Guy was scraping his plate.

“Oh, I love festivals. Do you do fireworks or a parade?” I asked.

“Fireworks aren’t usually allowed around here, because of the fire season, but occasionally we can get away with it,” Mia explained.

For anyone other than Emanuel Rose, there would have been great consequence for any sort of fires during the wrong season, but either the fines were so little against his vast fortune or he could arrange it so that no one noticed. It was the same with the abalone. To protect their populations, long dwindling for the beauty of their shells and the sweet-salty richness of their taste, a strict limit was set for divers and counties. Except for the residents of Bellinas. The men went out nearly every day in their wetsuits with long, flat knives in hand for prying them from rocks.

“There’s a parade and a bunch of fun little events. A tug-of-war across the mouth of the inlet. Hayrides at Psalm Valley. A dance in the barn. Very charming.”

“There are so many cool celebration days around here, Tansy,” Manny said, taking over. “I know you’re gonna love them. The best festival day is the spring equinox. All the new mothers are celebrated by the whole town. They make flower crowns and get a party on the beach. Mothers are really honored here. The little kids make kites and fly them all day. That was always my favorite growing up. Not sure who started these festivals. There’s all kind of interesting groups around here. We used to sneak into this Druid temple near the Hidden Coast when we were teenagers. Dudes in robes would do rituals there. Or maybe they were Rosicrucians. The Synanon folks had a spot around here for a while. Jim Jones rented a cabin on the Mesa at some point. The Children of Thunder set up shop not far from us. You might wanna walk down to the museum in town one day to read up on the rad history. We’re at the epicenter of something special here.”

He stroked his wife’s hair for a moment, as if deliberating. “What do you think, moon goddesses? Is it time?”

“It’s a full moon tonight,” Mia said to me, as if that explained something.

“Lycanthropy part of the Bohemian Club?” I asked, only half teasing, but Manny gave a confused look. Guy again nudged my shin under the table.
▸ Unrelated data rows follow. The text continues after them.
Lemma nbhs_mdist_sub (X : metricType R) (x : X) (A : set X) :
  nbhs x A -> exists2 e, 0 < e & forall y, mdist x y < e -> A y.
Proof.
by move=> /metricType_numDomainType.nbhs_mdistP[e /= e0 eA]; exists e => // y /eA.
Qed.

Lemma compact_equicontinuous_at (T : topologicalType) (X Y : metricType R)
    (f : T * X -> Y) (K : set T) : continuous f -> compact K ->
  forall x eta, 0 < eta -> exists2 d, 0 < d &
    forall k y, K k -> mdist x y < d -> mdist (f (k, x)) (f (k, y)) < eta.
Proof.
move=> fc /compact_near_coveringP cov x eta eta0.
have near_k k : K k -> \forall k' \near k & y \near x, mdist (f (k', x)) (f (k', y)) < eta.
  move=> _; have eta20 : 0 < eta / 2 by rewrite divr_gt0.
  have [[A B] /= [nA nB] AB] := fc (k, x) _ (nbhs_mdist (f (k, x)) eta20).
  exists (A, B) => // -[k' y] [/= Ak' By].
  have := AB (k', x) (conj Ak' (nbhs_singleton nB)).
  have := AB (k', y) (conj Ak' By); rewrite /= => fy fx.
  apply: le_lt_trans (metric_triangle _ (f (k, x)) _) _.
  by rewrite metric_sym; lra.
have [d d0 dK] := nbhs_mdist_sub
  (cov X (nbhs x) (fun y k => mdist (f (k, x)) (f (k, y)) < eta) _ near_k).
by exists d => // k y Kk /dK; exact.
Qed.

Lemma compact_fiber_entourage (X : metricType R) (Y : uniformType) (pi : X -> Y)
    (x0 : X) : compact [set: X] -> hausdorff_space Y -> continuous pi ->
    (forall x, pi x = pi x0 -> x = x0) ->
  forall e, 0 < e -> exists2 E, entourage E & forall x, E (pi x0, pi x) -> mdist x x0 < e.
Proof.
move=> /compact_near_coveringP cov Y_hausdorff pi_cont fiber e e0.
pose F := filter_from (@entourage Y) (fun A => [set E : set (Y * Y) | E `<=` A]).
have F_filter : Filter F.
  apply: filter_from_filter; first by exists setT; exact: entourageT.
  move=> A B entA entB; exists (A `&` B); first exact: filterI.
  by move=> E sE; split => z /sE [].
have near_x x : [set: X] x -> \forall x' \near x & E \near F,
    E (pi x0, pi x') -> mdist x' x0 < e.
  move=> _; have [xx0|xx0] := ltP (mdist x x0) e.
    have r0 : 0 < e - mdist x x0 by rewrite subr_gt0.
    exists ([set y | mdist x y < e - mdist x x0], setT) => /=.
      by split; [exact: nbhs_mdist | exists setT => //; exact: entourageT].
    move=> [x' E] /= [xx' _] _; have := metric_triangle x' x x0.
    by rewrite metric_sym in xx'; lra.
  have [A entA nA] : exists2 A, entourage A & ~ A (pi x0, pi x).
    apply: contrapT => h; suff /esym/fiber xx0' : pi x0 = pi x.
      by rewrite xx0' mdistxx in xx0; lra.
    rewrite -(closeE Y_hausdorff) entourage_close => A entA.
    by apply: contrapT => nA; apply: h; exists A.
  have entA2 := entourage_split_ent entA.
  have /cvg_app_entourageP/(_ _ (entourage_inv entA2)) nx := pi_cont x.
  exists ([set x' | (split_ent A)^-1%relation (pi x, pi x')], [set E | E `<=` split_ent A]).
    by split; [exact: nx | exists (split_ent A)].
  move=> [x' E] /= [xx' EA] /EA x0x'; exfalso; apply: nA.
  exact: (entourage_split (pi x') entA x0x' xx').
have [E entE Ee] := cov _ F _ F_filter near_x.
by exists E => // x; apply: (Ee E).
Qed.

End MetricFacts.

Section Action.
Context (G : topologicalZmodType) (T : topologicalType) (act : G -> T -> T).
Hypothesis act_action : is_action act.

Lemma act0 x : act 0 x = x. Proof. by case: act_action. Qed.
Lemma actD s t x : act (s + t) x = act s (act t x). Proof. by case: act_action => _ []. Qed.
Lemma actNK t x : act (- t) (act t x) = x. Proof. by rewrite -actD addNr act0. Qed.

Lemma act_jointly_continuous : continuous (fun p : G * T => act p.1 p.2).
Proof. by case: act_action => _ []. Qed.

Lemma act_continuous t : continuous (act t).
Proof.
move=> x; apply: (@continuous_comp _ _ _ (pair t) (fun p : G * T => act p.1 p.2)).
  by apply: cvg_pair; [exact: cvg_cst | exact: cvg_id].
exact: act_jointly_continuous.
Qed.

Lemma orbit_map_continuous x : continuous (act^~ x).
Proof.
move=> g; apply: (@continuous_comp _ _ _ (pair^~ x) (fun p : G * T => act p.1 p.2)).
  by apply: cvg_pair; [exact: cvg_id | exact: cvg_cst].
exact: act_jointly_continuous.
Qed.

End Action.

Section ReturnUniformity.
Context (R : realType) (G : topologicalZmodType) (X : metricType R)
  (act : G -> X -> X) (x0 : X).
Hypothesis act_action : is_action act.
Hypothesis x0_transitive : closure (range (fun t => act t x0)) = [set: X].
Hypothesis return_dense : forall e : R, 0 < e -> relatively_dense (return_set act x0 e).
Hypothesis return_sub : forall e : R, 0 < e -> exists2 d : R, 0 < d &
  forall s t, return_set act x0 d s -> return_set act x0 d t -> return_set act x0 e (s - t).

Local Notation P := (return_set act x0).

Lemma orbit_approx x e : 0 < e -> exists t, mdist (act t x0) x < e.
Proof.
move=> e0; have : closure (range (fun t => act t x0)) x by rewrite x0_transitive.
move=> /(_ _ (nbhs_mdist x e0)) [_ [[t _ <-] /= xt]].
by exists t; rewrite metric_sym.
Qed.

Lemma return_set0 e : 0 < e -> P e 0.
Proof. by move=> e0; rewrite /return_set /= act0 // mdistxx. Qed.

Lemma return_set_le e1 e2 g : e1 <= e2 -> P e1 g -> P e2 g.
Proof. by move=> e12 /lt_le_trans; apply. Qed.

Lemma return_setN e : 0 < e -> exists2 d, 0 < d & forall g, P d g -> P e (- g).
Proof.
move=> e0; have [d d0 Pd] := return_sub e0; exists d => // g Pg.
by rewrite -sub0r; apply: Pd => //; exact: return_set0.
Qed.

Lemma return_setD e : 0 < e -> exists2 d, 0 < d & forall a b, P d a -> P d b -> P e (a + b).
Proof.
move=> e0; have [d1 d10 Pd1] := return_sub e0; have [d2 d20 Pd2] := return_setN d10.
exists (Num.min d1 d2); first by rewrite lt_min d10 d20.
move=> a b Pa Pb; rewrite -[b]opprK; apply: Pd1.
  by apply: return_set_le Pa; rewrite ge_min lexx.
by apply: Pd2; apply: return_set_le Pb; rewrite ge_min lexx orbT.
Qed.

Definition return_ent (e : R) : set (X * X) :=
  [set xy | exists2 d, 0 < d & forall s t, mdist (act s x0) xy.1 < d ->
     mdist (act t x0) xy.2 < d -> P e (s - t)].

Lemma return_ent_le e1 e2 xy : e1 <= e2 -> return_ent e1 xy -> return_ent e2 xy.
Proof.
move=> e12 [d d0 Wd]; exists d => // s t xs yt; exact: return_set_le e12 (Wd s t xs yt).
Qed.

(* Write s = p + k with p \in P and k in a compact K; uniform continuity of the
   action of -k over K brings both (s - k).x0 = p.x0 and (t - k).x0 close
   to (-k).x, so s - t = p - (t - k) is a difference of two return times. *)
Lemma return_ent_refl e x : 0 < e -> return_ent e (x, x).
Proof.
move=> e0; have [d1 d10 Pd1] := return_sub e0.
have eta0 : 0 < d1 / 3 by rewrite divr_gt0.
have [K [cK PK]] := return_dense eta0.
have actN_cont : continuous (fun p : G * X => act (- p.1) p.2).
  move=> p; apply: (@continuous_comp _ _ _ (fun q : G * X => (- q.1, q.2))
     (fun q : G * X => act q.1 q.2)); last exact: act_jointly_continuous.
  apply: cvg_pair; last exact: cvg_snd.
  by apply: continuous_comp; [exact: cvg_fst | exact: opp_continuous].
have [d d0 Kd] := compact_equicontinuous_at actN_cont cK x eta0.
exists d => // s t /= xs xt; have [p [k [Pp [Kk s_pk]]]] := PK s; subst s.
rewrite metric_sym in xs; rewrite metric_sym in xt.
have -> : p + k - t = p - (t - k) by rewrite opprB addrA.
apply: Pd1; first by apply: return_set_le Pp; lra.
have /= Pk := Kd _ _ Kk xs; have /= Tk := Kd _ _ Kk xt.
rewrite addrC actD // actNK // in Pk; rewrite /return_set /= addrC actD //.
have := metric_triangle (act (- k) (act t x0)) (act (- k) x) x0.
have := metric_triangle (act (- k) x) (act p x0) x0.
rewrite metric_sym in Tk; move: Pp; rewrite /return_set /=; lra.
Qed.

Lemma return_ent_inv e : 0 < e ->
  exists2 e', 0 < e' & forall x y, return_ent e' (x, y) -> return_ent e (y, x).
Proof.
move=> e0; have [d d0 PN] := return_setN e0; exists d => // x y [dl dl0 Wxy].
by exists dl => // s t /= ys xt; rewrite -opprB; apply: PN; exact: Wxy.
Qed.

Lemma return_ent_split3 e : 0 < e -> exists2 e', 0 < e' & forall x y z w,
  return_ent e' (x, y) -> return_ent e' (y, z) -> return_ent e' (z, w) ->
  return_ent e (x, w).
Proof.
move=> e0; have [d1 d10 PD1] := return_setD e0; have [d2 d20 PD2] := return_setD d10.
exists (Num.min d1 d2); first by rewrite lt_min d10 d20.
move=> x y z w [a a0 Wxy] [b b0 Wyz] [c c0 Wzw].
exists (Num.min a c); first by rewrite lt_min a0 c0.
move=> s t /=; rewrite !lt_min => /andP[xs _] /andP[_ wt].
have [r1] := orbit_approx y (ltac:(by rewrite lt_min a0 b0) : 0 < Num.min a b).
have [r2] := orbit_approx z (ltac:(by rewrite lt_min b0 c0) : 0 < Num.min b c).
rewrite !lt_min => /andP[zr2b zr2c] /andP[yr1a yr1b].
have -> : s - t = (s - r1) + (r1 - r2) + (r2 - t) by rewrite !addrA !subrK.
have le_min_l : Num.min d1 d2 <= d1 by rewrite ge_min lexx.
have le_min_r : Num.min d1 d2 <= d2 by rewrite ge_min lexx orbT.
apply: PD1; first apply: PD2.
- exact: return_set_le le_min_r (Wxy s r1 xs yr1a).
- exact: return_set_le le_min_r (Wyz r1 r2 yr1b zr2b).
- exact: return_set_le le_min_l (Wzw r2 t zr2c wt).
Qed.

Lemma return_ent_nbhs e x : 0 < e ->
  exists2 eta, 0 < eta & forall y, mdist x y < eta -> return_ent e (x, y).
Proof.
move=> e0; have [d d0 Wxx] := return_ent_refl x e0.
have d20 : 0 < d / 2 by rewrite divr_gt0.
exists (d / 2) => // y xy; exists (d / 2) => // s t /= xs yt.
apply: Wxx => /=; first lra.
by have := metric_triangle (act t x0) y x; rewrite (metric_sym y x); lra.
Qed.

Lemma return_ent_act e g x y : return_ent e (x, y) -> return_ent e (act g x, act g y).
Proof.
move=> [d d0 Wxy].
have actNg_cont := act_continuous act_action (t := - g).
have [d1 d10 gx] := nbhs_mdist_sub (actNg_cont (act g x) _ (nbhs_mdist _ d0)).
have [d2 d20 gy] := nbhs_mdist_sub (actNg_cont (act g y) _ (nbhs_mdist _ d0)).
exists (Num.min d1 d2); first by rewrite lt_min d10 d20.
move=> s t /=; rewrite !lt_min => /andP[xs _] /andP[_ yt].
have -> : s - t = (s - g) - (t - g) by rewrite opprB addrA subrK.
apply: Wxy => /=; rewrite addrC actD //.
  by have /= := gx (act s x0); rewrite actNK // metric_sym => /(_ xs); rewrite metric_sym.
by have /= := gy (act t x0); rewrite actNK // metric_sym => /(_ yt); rewrite metric_sym.
Qed.

Lemma return_ent_x0 e z : 0 < e -> return_ent e (z, x0) -> mdist z x0 < e + e.
Proof.
move=> e0 [d d0 Wz].
have [r] := orbit_approx z (ltac:(by rewrite lt_min d0 e0) : 0 < Num.min d e).
rewrite lt_min => /andP[zrd zre].
have := Wz r 0 zrd; rewrite act0 // mdistxx subr0 => /(_ d0).
have := metric_triangle z (act r x0) x0; rewrite metric_sym in zre.
rewrite /return_set /=; lra.
Qed.

Definition return_ents : set (set (X * X)) := [set b | exists2 e, 0 < e & b = return_ent e].

Lemma return_ents_nonempty : exists b, return_ents b.
Proof. by exists (return_ent 1); exists 1. Qed.

Lemma return_ents_meet b1 b2 : return_ents b1 -> return_ents b2 ->
  exists2 b, return_ents b & b `<=` b1 `&` b2.
Proof.
move=> [e1 e10 ->] [e2 e20 ->]; exists (return_ent (Num.min e1 e2)).
  by exists (Num.min e1 e2) => //; rewrite lt_min e10 e20.
by move=> xy Wxy; split; apply: return_ent_le Wxy; rewrite ge_min lexx ?orbT.
Qed.

Lemma return_ents_refl b : return_ents b -> forall x, b (x, x).
Proof. by move=> [e e0 ->] x; exact: return_ent_refl. Qed.

Lemma return_ents_inv b : return_ents b ->
  exists2 b', return_ents b' & forall x y, b' (x, y) -> b (y, x).
Proof.
by move=> [e /return_ent_inv[e' e'0 W'e] ->]; exists (return_ent e') => //; exists e'.
Qed.

Lemma return_ents_split3 b : return_ents b -> exists2 b', return_ents b' &
  forall x y z w, b' (x, y) -> b' (y, z) -> b' (z, w) -> b (x, w).
Proof.
by move=> [e /return_ent_split3[e' e'0 W'e] ->]; exists (return_ent e') => //; exists e'.
Qed.

Definition return_base : diag_base X := DiagBase return_ents_nonempty
  return_ents_meet return_ents_refl return_ents_inv return_ents_split3.

Definition return_quot := dbase_quot return_base.
Definition return_pi : X -> return_quot := dbase_pi return_base.
Definition return_rep (q : return_quot) : X := xget x0 (fun x => q = return_pi x).

Lemma return_repK q : return_pi (return_rep q) = q.
Proof. exact/esym/(xgetPex x0 (dbase_pi_surj q)). Qed.

Lemma return_piP x y :
  return_pi x = return_pi y <-> forall e, 0 < e -> return_ent e (x, y).
Proof.
rewrite dbase_piP; split => [xy e e0 | xy b [e e0 ->]]; last exact: xy.
by apply: xy; exists e.
Qed.

Definition return_quot_act (g : G) (q : return_quot) : return_quot :=
  return_pi (act g (return_rep q)).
“She’s asking if we’re werewolves.” Mia laughed, stroking her husband’s chest. “Not quite. It’s the surprise we mentioned before. Tonight is especially auspicious, the full moon in Capricorn, or what the Miwok natives here called the Strawberry Moon,” she mused in a singsong whisper. They were doing that always. Lauding what they called the traditions of Indigenous peoples, without much regard to history or the people themselves. “Right at the foot of the mountain, there’s an underwater hot spring that fills a large tidal pool like a bathtub where the ocean usually covers it. Once or twice a year, there’s a negative tide, when it goes out much farther than normal to expose the pool. You have to time it just right, though, so you don’t get caught as the tide changes again. Tonight, it all aligns perfectly.”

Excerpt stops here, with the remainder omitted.